E7.5 and E8.5 wild type and Eed KO embryos acquired in experiments that were performed independently of the single-cell sequencing experiments were imaged using ZEISS AxioZoom.V16 microscope and ZENBLUE imaging software at 10X and 7X objectives respectively, with z-stacks of 12–17μm intervals. To obtain a higher resolution of morphology, individual E7.5 embryo images were acquired at 50X and E8.5 embryos at 40X objectives. The E6.5 embryos, which were subjected to single-cell sequencing, were imaged using an Olympus IX71 inverted microscope and Metamorph software. Images of E6.5 WT embryos were acquired at 4X and KO embryos at 10X. Wild-type E7.5 and 8.5 embryos shown in Extended Data Fig. 10 to provide a size and morphological comparison to Eed KO were generated by natural mating. Surface area (in μm2) of embryos was measured using the ‘region’ tool by drawing a polygon contour around each embryo in ZENBLUE.

Prdm14-mVenus reporter experiments: In vitro fertilization, electroporation and embryo imaging

In vitro fertilization of B6D2F1 oocytes was performed with reporter sperm from heterozygous males with mVenus under the control of Prdm14, as described previously43. The reporter strain was generated by the lab of Mitinori Saitou31 and the mVenus Prdm14 promoter sperm (B6.Cg-Tg(Prdm14-Venus)1Sait/SaitRbrc; BRC No. RBRC05384) were provided by the RIKEN BRC through the National Bio-Resource Project of the MEXT/AMED, Japan (Acc. No. CDB0461T; http://www.cdb.riken.jp/arg/mutant%20mice%20list.html; Reproduction. 2008 136(4): 503–14). PN3 zygotes were washed in M2 medium and prepared for electroporation. Electroporation reactions were setup according to the Alt-R CRISPR-Cas9 ribonucleoprotein (RNP) complex protocol from Integrated DNA Technologies (IDT). RNP complexes were assembled just prior to electroporation. Briefly, 2 μL of 200 μM tracrRNA and 0.67 μL of each 200 μM crRNA were mixed, heated to 95°C for 5 minutes and allowed to anneal at room temperature for 10 minutes. 3 μL of crRNA-tracrRNA mix, 1 μL of 61 μM Alt-R Hi-Fi Cas9 Nuclease 3NLS was diluted in 46 μL of Opti-MEM medium and incubated at room temperature for 20 minutes.
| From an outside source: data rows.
(* Let $\mathcal{X}$ and $\mathcal{Y}$ be finite sets, let $\Pr$ be a probability distribution on $\mathcal{X}$, let $\delta:\mathcal{X}\times\mathcal{Y}\to\mathbb{R}$, and let $\bar\pi,\pi_1,\dots,\pi_m$ be stochastic policies, each $\pi_i$ having support for $\bar\pi$. Let $\mathcal{D}=\bigcup_{i=1}^m\mathcal{D}^i$ be a log dataset in which, for each $i$, $\mathcal{D}^i$ consists of $n_i$ samples $(x^i_j,y^i_j,\delta^i_j,p^i_j)$, $j=1,\dots,n_i$, with $x^i_j\sim\Pr$, $y^i_j\sim\pi_i(\cdot\mid x^i_j)$, $\delta^i_j=\delta(x^i_j,y^i_j)$, $p^i_j=\pi_i(y^i_j\mid x^i_j)$, all draws independent; let $n=\sum_in_i$ and $\pi_{avg}(y\mid x)=\frac1n\sum_in_i\pi_i(y\mid x)$. Define $$\hat U_{naive}(\bar\pi)=\frac1n\sum_{i=1}^m\sum_{j=1}^{n_i}\delta^i_j\frac{\bar\pi(y^i_j\mid x^i_j)}{p^i_j},\qquad \hat U_{bal}(\bar\pi)=\frac1n\sum_{i=1}^m\sum_{j=1}^{n_i}\delta^i_j\frac{\bar\pi(y^i_j\mid x^i_j)}{\pi_{avg}(y^i_j\mid x^i_j)}.$$ Then $\mathrm{Var}_{\mathcal{D}}[\hat U_{bal}(\bar\pi)]\le\mathrm{Var}_{\mathcal{D}}[\hat U_{naive}(\bar\pi)]$.
   Context: A stochastic policy $\pi$ assigns to each $x\in\mathcal{X}$ a probability distribution $\pi(\cdot\mid x)$ on $\mathcal{Y}$. A policy $\pi$ has support for a policy $\pi'$ if for all $x\in\mathcal{X},y\in\mathcal{Y}$, $\delta(x,y)\pi'(y\mid x)\neq0$ implies $\pi(y\mid x)>0$. Variances are taken over the random draw of $\mathcal{D}$. *)

From HB Require Import structures.
From mathcomp Require Import all_boot all_order all_algebra.
Set Implicit Arguments. Unset Strict Implicit. Unset Printing Implicit Defensive.
Import Order.TTheory GRing.Theory Num.Theory.
Local Open Scope ring_scope.

Section LogData.
Variables (R : realFieldType) (X Y : finType).

Definition is_distribution (Pr : X -> R) : Prop :=
  (forall x, 0 <= Pr x) /\ \sum_(x : X) Pr x = 1.

(* a stochastic policy: pi x y = pi(y | x) *)
Definition is_policy (pi : X -> Y -> R) : Prop :=
  (forall x y, 0 <= pi x y) /\ (forall x, \sum_(y : Y) pi x y = 1).

Definition has_support (delta : X -> Y -> R) (pi pi' : X -> Y -> R) : Prop :=
  forall x y, delta x y * pi' x y != 0 -> 0 < pi x y.

Variables (m : nat) (ns : 'I_m -> nat).

Definition sample_idx : finType := {i : 'I_m & 'I_(ns i)}.

(* a log dataset: the (x, y) pair of each sample; delta^i_j and p^i_j are
   determined by (x, y) and are computed from it *)
Definition dataset : finType := {ffun sample_idx -> (X * Y)%type}.

Definition sample (D : dataset) (i : 'I_m) (j : 'I_(ns i)) : X * Y :=
  D (existT (fun i => 'I_(ns i)) i j).

(* probability of a dataset: all draws independent, x ~ Pr, y ~ pi_i(.|x) *)
Definition dataset_prob (Pr : X -> R) (pis : 'I_m -> X -> Y -> R)
    (D : dataset) : R :=
  \prod_(k : sample_idx) (Pr (D k).1 * pis (tag k) (D k).1 (D k).2).

Definition Exp (Pr : X -> R) (pis : 'I_m -> X -> Y -> R) (f : dataset -> R) : R :=
  \sum_(D : dataset) dataset_prob Pr pis D * f D.

Definition Var (Pr : X -> R) (pis : 'I_m -> X -> Y -> R) (f : dataset -> R) : R :=
  Exp Pr pis (fun D => (f D - Exp Pr pis f) ^+ 2).

Definition ntot : nat := (\sum_(i < m) ns i)%N.

Definition pi_avg (pis : 'I_m -> X -> Y -> R) (x : X) (y : Y) : R :=
  (ntot%:R)^-1 * \sum_(i < m) (ns i)%:R * pis i x y.

Definition U_naive (delta : X -> Y -> R) (pis : 'I_m -> X -> Y -> R)
    (pibar : X -> Y -> R) (D : dataset) : R :=
  (ntot%:R)^-1 * \sum_(i < m) \sum_(j < ns i)
     let xy := sample D j in
     delta xy.1 xy.2 * (pibar xy.1 xy.2 / pis i xy.1 xy.2).

Definition U_bal (delta : X -> Y -> R) (pis : 'I_m -> X -> Y -> R)
    (pibar : X -> Y -> R) (D : dataset) : R :=
  (ntot%:R)^-1 * \sum_(i < m) \sum_(j < ns i)
     let xy := sample D j in
     delta xy.1 xy.2 * (pibar xy.1 xy.2 / pi_avg pis xy.1 xy.2).

End LogData.

From mathcomp Require Import all_boot all_order all_algebra.
From mathcomp Require Import ring.
Set Implicit Arguments. Unset Strict Implicit. Unset Printing Implicit Defensive.
Import Order.TTheory GRing.Theory Num.Theory.
Local Open Scope ring_scope.

(* Both estimators are (1/n) times a sum of functions of independent samples,
   so their variances are (1/n^2) times the sum of the per-sample variances
   E[g^2] - (E g)^2.  Each naive term has mean U, the true utility, while the
   means of the balanced terms only sum to n U; by the quadratic-mean
   inequality the squared means of the balanced terms are thus at least as
   large in total.  For the second moments, at each point (x, y) the balanced
   term delta pibar / pi_avg is the pi_i-weighted mean of the naive terms
   delta pibar / pi_i, so by Jensen's inequality its weighted square is
   dominated by theirs. *)

Lemma weighted_mean_sqr_le (R : realFieldType) (I : finType) (w v : I -> R) (u : R) :
  (forall i, 0 <= w i) -> \sum_i w i * v i = (\sum_i w i) * u ->
  (\sum_i w i) * u ^+ 2 <= \sum_i w i * v i ^+ 2.
Proof.
move=> w_ge0 mean_u.
have spread_ge0 : 0 <= \sum_i w i * (v i - u) ^+ 2.
  by apply: sumr_ge0 => i _; rewrite mulr_ge0 ?sqr_ge0.
have spreadE : \sum_i w i * (v i - u) ^+ 2 =
    \sum_i w i * v i ^+ 2 - (\sum_i w i) * u ^+ 2.
  transitivity (\sum_i (w i * v i ^+ 2 - (2 * u) * (w i * v i) + u ^+ 2 * w i)).
    by apply: eq_bigr => i _; ring.
  by rewrite big_split sumrB /= -!mulr_sumr mean_u; ring.
by rewrite -subr_ge0 -spreadE.
Qed.

Section IndependentSamples.
Variables (R : realFieldType) (X Y : finType) (m : nat) (ns : 'I_m -> nat).
Variables (Pr : X -> R) (pis : 'I_m -> X -> Y -> R).
Local Notation K := (sample_idx ns).
Local Notation E := (Exp (ns := ns) Pr pis).

Definition sample_prob (k : K) (t : X * Y) : R := Pr t.1 * pis (tag k) t.1 t.2.

Definition Esample (k : K) (g : X * Y -> R) : R := \sum_t sample_prob k t * g t.

Definition Vsample (k : K) (g : X * Y -> R) : R :=
  Esample k (fun t => (g t - Esample k g) ^+ 2).

Lemma eq_Exp f1 f2 : f1 =1 f2 -> E f1 = E f2.
Proof. by move=> eq_f; apply: eq_bigr => D _; rewrite eq_f. Qed.

Lemma eq_Var f1 f2 :
  f1 =1 f2 -> Var (ns := ns) Pr pis f1 = Var (ns := ns) Pr pis f2.
Proof.
by move=> eq_f; rewrite /Var (eq_Exp eq_f); apply: eq_Exp => D; rewrite eq_f.
Qed.

Lemma Exp_sumr (I : finType) (F : I -> dataset X Y ns -> R) :
  E (fun D => \sum_i F i D) = \sum_i E (F i).
Proof. by rewrite /Exp exchange_big; apply: eq_bigr => D _; rewrite mulr_sumr. Qed.

Lemma Exp_mulr c f : E (fun D => c * f D) = c * E f.
Proof. by rewrite /Exp mulr_sumr; apply: eq_bigr => D _; rewrite mulrCA. Qed.

Lemma Exp_prod (h : K -> X * Y -> R) :
  E (fun D => \prod_k h k (D k)) = \prod_k Esample k (h k).
Proof.
rewrite /Exp /dataset_prob /Esample bigA_distr_bigA; apply: eq_bigr => D _.
by rewrite -big_split.
Qed.

Lemma eq_Esample k f g : f =1 g -> Esample k f = Esample k g.
Proof. by move=> eq_fg; apply: eq_bigr => t _; rewrite eq_fg. Qed.

Lemma EsampleD k f g :
  Esample k (fun t => f t + g t) = Esample k f + Esample k g.
Proof. by rewrite /Esample -big_split; apply: eq_bigr => t _; rewrite mulrDr. Qed.

Lemma EsampleZ k c f : Esample k (fun t => c * f t) = c * Esample k f.
Proof. by rewrite /Esample mulr_sumr; apply: eq_bigr => t _; rewrite mulrCA. Qed.

Hypothesis Pr_distr : is_distribution Pr.
Hypothesis pis_policy : forall i, is_policy (pis i).

Lemma Esample_cst k c : Esample k (fun _ => c) = c.
Proof.
rewrite /Esample -mulr_suml /sample_prob.
rewrite -(pair_bigA _ (fun x y => Pr x * pis (tag k) x y)) /=.
have [_ sum_Pr] := Pr_distr; rewrite -[RHS]mul1r -[in RHS]sum_Pr; congr (_ * _).
apply: eq_bigr => x _; rewrite -mulr_sumr.
by case: (pis_policy (tag k)) => _ ->; rewrite mulr1.
Qed.

Lemma Exp_prod_in (A : {set K}) (h : K -> X * Y -> R) :
  E (fun D => \prod_(k in A) h k (D k)) = \prod_(k in A) Esample k (h k).
Proof.
pose hA k := if k \in A then h k else fun _ => 1.
rewrite big_mkcond (eq_Exp (f2 := fun D => \prod_k hA k (D k))); last first.
  by move=> D; rewrite big_mkcond; apply: eq_bigr => k _; rewrite /hA; case: ifP.
by rewrite Exp_prod; apply: eq_bigr => k _; rewrite /hA; case: ifP; rewrite ?Esample_cst.
Qed.

Lemma Exp_coord k g : E (fun D => g (D k)) = Esample k g.
Proof.
rewrite (eq_Exp (f2 := fun D => \prod_(j in [set k]) g (D j))) => [|D].
  by rewrite (Exp_prod_in _ (fun _ => g)) big_set1.
by rewrite big_set1.
Qed.

Lemma Exp_coord_mul k l f g : k != l ->
  E (fun D => f (D k) * g (D l)) = Esample k f * Esample l g.
Proof.
move=> neq_kl; pose h j := if j == k then f else g.
have prod_h (F : K -> R) : \prod_(j in [set k; l]) F j = F k * F l.
  by rewrite big_setU1 ?inE // big_set1.
rewrite (eq_Exp (f2 := fun D => \prod_(j in [set k; l]) h j (D j))) => [|D].
  by rewrite (Exp_prod_in _ h) prod_h /h eqxx eq_sym (negPf neq_kl).
by rewrite prod_h /h eqxx eq_sym (negPf neq_kl).
Qed.

Lemma VsampleE k g :
  Vsample k g = Esample k (fun t => g t ^+ 2) - Esample k g ^+ 2.
Proof.
rewrite /Vsample; set mu := Esample k g.
have -> : Esample k (fun t => (g t - mu) ^+ 2) =
    Esample k (fun t => g t ^+ 2 + (- (2 * mu) * g t + mu ^+ 2)).
  by apply: eq_Esample => t; ring.
by rewrite !EsampleD EsampleZ Esample_cst -/mu; ring.
Qed.

Lemma Var_sum_coord c (g : K -> X * Y -> R) :
  Var (ns := ns) Pr pis (fun D => c * \sum_k g k (D k)) =
  c ^+ 2 * \sum_k Vsample k (g k).
Proof.
pose gc k t := g k t - Esample k (g k).
have Egc k : Esample k (gc k) = 0.
  by rewrite /gc (EsampleD k _ (fun _ => _)) Esample_cst subrr.
have mean : E (fun D => c * \sum_k g k (D k)) = c * \sum_k Esample k (g k).
  by rewrite Exp_mulr Exp_sumr; under eq_bigr do rewrite Exp_coord.
rewrite /Var mean.
rewrite (eq_Exp (f2 := fun D => c ^+ 2 * \sum_k \sum_l gc k (D k) * gc l (D l))).
  rewrite Exp_mulr Exp_sumr; congr (_ * _); apply: eq_bigr => k _.
  rewrite Exp_sumr (bigD1 k) //= big1 ?addr0 => [|l neq_lk].
    rewrite (Exp_coord k (fun t => gc k t * gc k t)).
    by apply: eq_bigr => t _; rewrite expr2.
  (* cross terms factor by independence into means of centred terms *)
  by rewrite Exp_coord_mul 1?eq_sym // Egc mul0r.
move=> D; rewrite -mulrBr -sumrB exprMn; congr (_ * _).
by rewrite expr2 mulr_suml; apply: eq_bigr => k _; rewrite mulr_sumr.
Qed.

End IndependentSamples.

Section Estimators.
Variables (R : realFieldType) (X Y : finType) (m : nat) (ns : 'I_m -> nat).
Variables (Pr : X -> R) (pis : 'I_m -> X -> Y -> R) (delta pibar : X -> Y -> R).
Hypothesis Pr_distr : is_distribution Pr.
Hypothesis pis_policy : forall i, is_policy (pis i).
Hypothesis pis_support : forall i, has_support delta (pis i) pibar.
Local Notation K := (sample_idx ns).
Local Notation N := (#|K|%:R : R).

Definition pi_sum (t : X * Y) : R := \sum_(k : K) pis (tag k) t.1 t.2.

Definition delta_pibar (t : X * Y) : R := delta t.1 t.2 * pibar t.1 t.2.

Definition utility : R := \sum_t Pr t.1 * delta_pibar t.

Definition naive_term (k : K) (t : X * Y) : R :=
  delta t.1 t.2 * (pibar t.1 t.2 / pis (tag k) t.1 t.2).

Definition bal_term (t : X * Y) : R :=
  delta t.1 t.2 * (pibar t.1 t.2 / pi_avg ns pis t.1 t.2).

Lemma sum_sample_idx (F : forall i : 'I_m, 'I_(ns i) -> R) :
  \sum_(i < m) \sum_(j < ns i) F i j = \sum_(k : K) F (tag k) (tagged k).
Proof. exact: (sig_big_dep (fun _ => true) (fun _ _ => true)). Qed.

Lemma ntotE : (ntot ns)%:R = N.
Proof.
rewrite /ntot natr_sum -sumr_const -(sum_sample_idx (fun _ _ => 1)).
by apply: eq_bigr => i _; rewrite sumr_const card_ord.
Qed.

Lemma pi_avgE x y : pi_avg ns pis x y = N^-1 * pi_sum (x, y).
Proof.
rewrite /pi_avg ntotE; congr (_ * _).
transitivity (\sum_(i < m) \sum_(j < ns i) pis i x y); last exact: sum_sample_idx.
by apply: eq_bigr => i _; rewrite sumr_const card_ord mulr_natl.
Qed.

Lemma U_naiveE (D : dataset X Y ns) :
  U_naive delta pis pibar D = N^-1 * \sum_k naive_term k (D k).
Proof.
rewrite /U_naive ntotE (sum_sample_idx (fun i j => naive_term (Tagged _ j) (sample D j))).
by congr (_ * _); apply: eq_bigr => -[i j].
Qed.

Lemma U_balE (D : dataset X Y ns) :
  U_bal delta pis pibar D = N^-1 * \sum_k bal_term (D k).
Proof.
rewrite /U_bal ntotE (sum_sample_idx (fun i j => bal_term (sample D j))).
by congr (_ * _); apply: eq_bigr => -[i j].
Qed.

Lemma pis_mul_naive_term k t :
  pis (tag k) t.1 t.2 * naive_term k t = delta_pibar t.
Proof.
rewrite /naive_term (mulrA (delta _ _)) -/(delta_pibar t).
have [->|/pis_support pis_gt0] := eqVneq (delta_pibar t) 0; first by rewrite mul0r mulr0.
by rewrite mulrCA divff ?mulr1 ?lt0r_neq0.
Qed.

Lemma sum_pis_mul_naive_term t :
  \sum_k pis (tag k) t.1 t.2 * naive_term k t = N * delta_pibar t.
Proof.
by under eq_bigr do rewrite pis_mul_naive_term; rewrite sumr_const mulr_natl.
Qed.

Lemma pi_sum_mul_bal_term t : pi_sum t * bal_term t = N * delta_pibar t.
Proof.
have pis_ge0 (k : K) : 0 <= pis (tag k) t.1 t.2 by case: (pis_policy (tag k)).
have [S0|S_neq0] := eqVneq (pi_sum t) 0.
  rewrite S0 mul0r -sum_pis_mul_naive_term big1 // => k _.
  by rewrite (psumr_eq0P (fun k _ => pis_ge0 k) S0) ?mul0r.
have [k /andP[_ pis_gt0]] := psumr_neq0P (fun k _ => pis_ge0 k) (elimN eqP S_neq0).
have N_neq0 : N != 0 by rewrite pnatr_eq0 -lt0n; apply/card_gt0P; exists k.
rewrite /bal_term pi_avgE -surjective_pairing (mulrA (delta _ _)) -/(delta_pibar t).
by field; apply/andP.
Qed.

Lemma Esample_naive_term (k : K) : Esample Pr pis k (naive_term k) = utility.
Proof. by apply: eq_bigr => t _; rewrite /sample_prob -mulrA pis_mul_naive_term. Qed.

Lemma sum_Esample_bal_term : \sum_(k : K) Esample Pr pis k bal_term = N * utility.
Proof.
rewrite /Esample exchange_big /utility mulr_sumr; apply: eq_bigr => t _.
rewrite /sample_prob; under eq_bigr do rewrite -mulrA.
by rewrite -mulr_sumr -mulr_suml -/(pi_sum t) pi_sum_mul_bal_term mulrCA.
Qed.

Lemma card_utility_sqr_le :
  N * utility ^+ 2 <= \sum_(k : K) Esample Pr pis k bal_term ^+ 2.
Proof.
have sum1 : \sum_(k : K) (1 : R) = N by rewrite sumr_const.
have one_mul (F : K -> R) : \sum_k F k = \sum_k 1 * F k.
  by apply: eq_bigr => k _; rewrite mul1r.
rewrite -sum1 (one_mul (fun k => Esample Pr pis k bal_term ^+ 2)).
apply: weighted_mean_sqr_le => //.
by rewrite -one_mul sum1 sum_Esample_bal_term.
Qed.

Lemma second_moment_bal_le t :
  \sum_(k : K) sample_prob Pr pis k t * bal_term t ^+ 2 <=
  \sum_(k : K) sample_prob Pr pis k t * naive_term k t ^+ 2.
Proof.
have Pr_ge0 : 0 <= Pr t.1 by case: Pr_distr.
rewrite /sample_prob; under eq_bigr do rewrite -mulrA.
under [X in _ <= X]eq_bigr do rewrite -mulrA.
rewrite -!mulr_sumr ler_wpM2l // -[X in X <= _]mulr_suml -/(pi_sum t).
apply: weighted_mean_sqr_le => [k|]; first by case: (pis_policy (tag k)).
by rewrite sum_pis_mul_naive_term pi_sum_mul_bal_term.
Qed.

Lemma sum_second_moment_bal_le :
  \sum_(k : K) Esample Pr pis k (fun t => bal_term t ^+ 2) <=
  \sum_(k : K) Esample Pr pis k (fun t => naive_term k t ^+ 2).
Proof.
rewrite /Esample exchange_big [X in _ <= X]exchange_big /=.
by apply: ler_sum => t _; apply: second_moment_bal_le.
Qed.

End Estimators.

Theorem theorem5p3 (R : realFieldType) (X Y : finType)
  (Pr : X -> R) (delta : X -> Y -> R) (pibar : X -> Y -> R)
  (m : nat) (pis : 'I_m -> X -> Y -> R) (ns : 'I_m -> nat) :
  is_distribution Pr ->
  is_policy pibar ->
  (forall i, is_policy (pis i)) ->
  (forall i, has_support delta (pis i) pibar) ->
  Var (ns := ns) Pr pis (U_bal delta pis pibar) <=
  Var (ns := ns) Pr pis (U_naive delta pis pibar).
Proof.
(* The bound holds for any weights [pibar], not only for a policy. *)
move=> Pr_distr _ pis_policy pis_support.
rewrite (eq_Var Pr pis (U_balE pis delta pibar)).
rewrite (eq_Var Pr pis (U_naiveE pis delta pibar)).
rewrite (Var_sum_coord Pr_distr pis_policy _ (fun _ => bal_term ns pis delta pibar)).
rewrite Var_sum_coord // ler_wpM2l ?sqr_ge0 //.
under eq_bigr do rewrite (VsampleE Pr_distr pis_policy).
under [X in _ <= X]eq_bigr do
  rewrite (VsampleE Pr_distr pis_policy) (Esample_naive_term Pr pis_support).
rewrite !sumrB sumr_const -mulr_natl.
apply: lerB; first exact: sum_second_moment_bal_le.
exact: card_utility_sqr_le.
Qed.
The NEPA21 electroporator was used with the following settings. Impedance values were maintained between 120 and 160 kΩ. Four poring pulses of 30 V and 2.5 milliseconds was used with an interval of 50 milliseconds, voltage decay of 10% and (+) polarity. Transfer pulse was applied at 5 V for 50 milliseconds with an interval of 50 milliseconds, voltage decay of 40% and alternating polarity (+) and (−).

Zygotes that developed to blastocyst stage were screened for mVenus fluorescence in the inner cell mass as only half of the embryos are expected to carry the reporter. mVenus positive embryos were re-transferred to pseudopregnant CD-1 fosters and isolated after in vivo development to E6.5, E7.5 and E8.5. Isolated embryos were washed in cold 1x PBS with 0.4% BSA and fixed overnight in 4% Paraformaldehyde (PFA) at 4°C followed by three washes in cold 1x PBS. Nuclei were stained with 0.24 μg/mL DAPI for 40 minutes at 4°C. Images were acquired using Zeiss LSM880 at 10X magnification and z-stacks of 5 μm interval. Images were processed and maximum intensity projections of the z-stacks were generated using the 3D-project tool of the ImageJ software bundled with Java 1.8.0. Four, six and seven Eed KO embryos carrying a Prdm14-reporter were isolated at E6.5, E7.6 and E8.5, respectively, and demonstrated similar results per developmental stage.

Immunofluorescence

Embryos were dissected from deciduae at specific stages in cold 1x HBBS and then fixed overnight in 4% PFA at 4°C. Embryos were rinsed three times in 1x PBS and permeabilized with PBT0.5 (0.5% Triton X-100 in 1x PBS) for two hours followed by blocking for an hour with blocking solution (10% FBS in PBT0.5). Embryos were incubated for 72 hours at 4°C with the primary antibody anti-Histone H3 Lysine 27 tri-methylation (Abcam ab6002), diluted in blocking solution to 1:200. The following day, embryos were washed with PBT0.5 four times (30 minutes per wash), and blocked overnight at 4°C in blocking solution. The following day, embryos were incubated overnight at 4°C with donkey anti-mouse Alexa Fluor® 488 (Invitrogen A21202), diluted in blocking solution at 1:400. Embryos were subsequently washed with PBT0.5 four times (30 minutes per wash), and nuclei were counterstained with DAPI (0.24 μg/mL) for 40 minutes at 4°C. Embryos were washed with PBT0.5 four times (30 minutes per wash), and post-fixed with 4% PFA for 20 minutes. Final washes (three times, 15 minutes) were performed with 0.02 M phosphate buffer (0.025 M NaH2PO4; 0.075 M Na2HPO4, pH 7.4) followed by optical clearing at 4°C for 24 – 48 hours with 1.62 M RIMS clearing agent (Histodenz in 0.02 M phosphate buffer). Images were acquired using Zeiss LSM710 at 63X magnification (oil immersion) and z-stacks of 2.13 μm intervals were generated. Two independent experiments were performed with similar results. A representative z-stack is shown in Extended Data Figure 9c.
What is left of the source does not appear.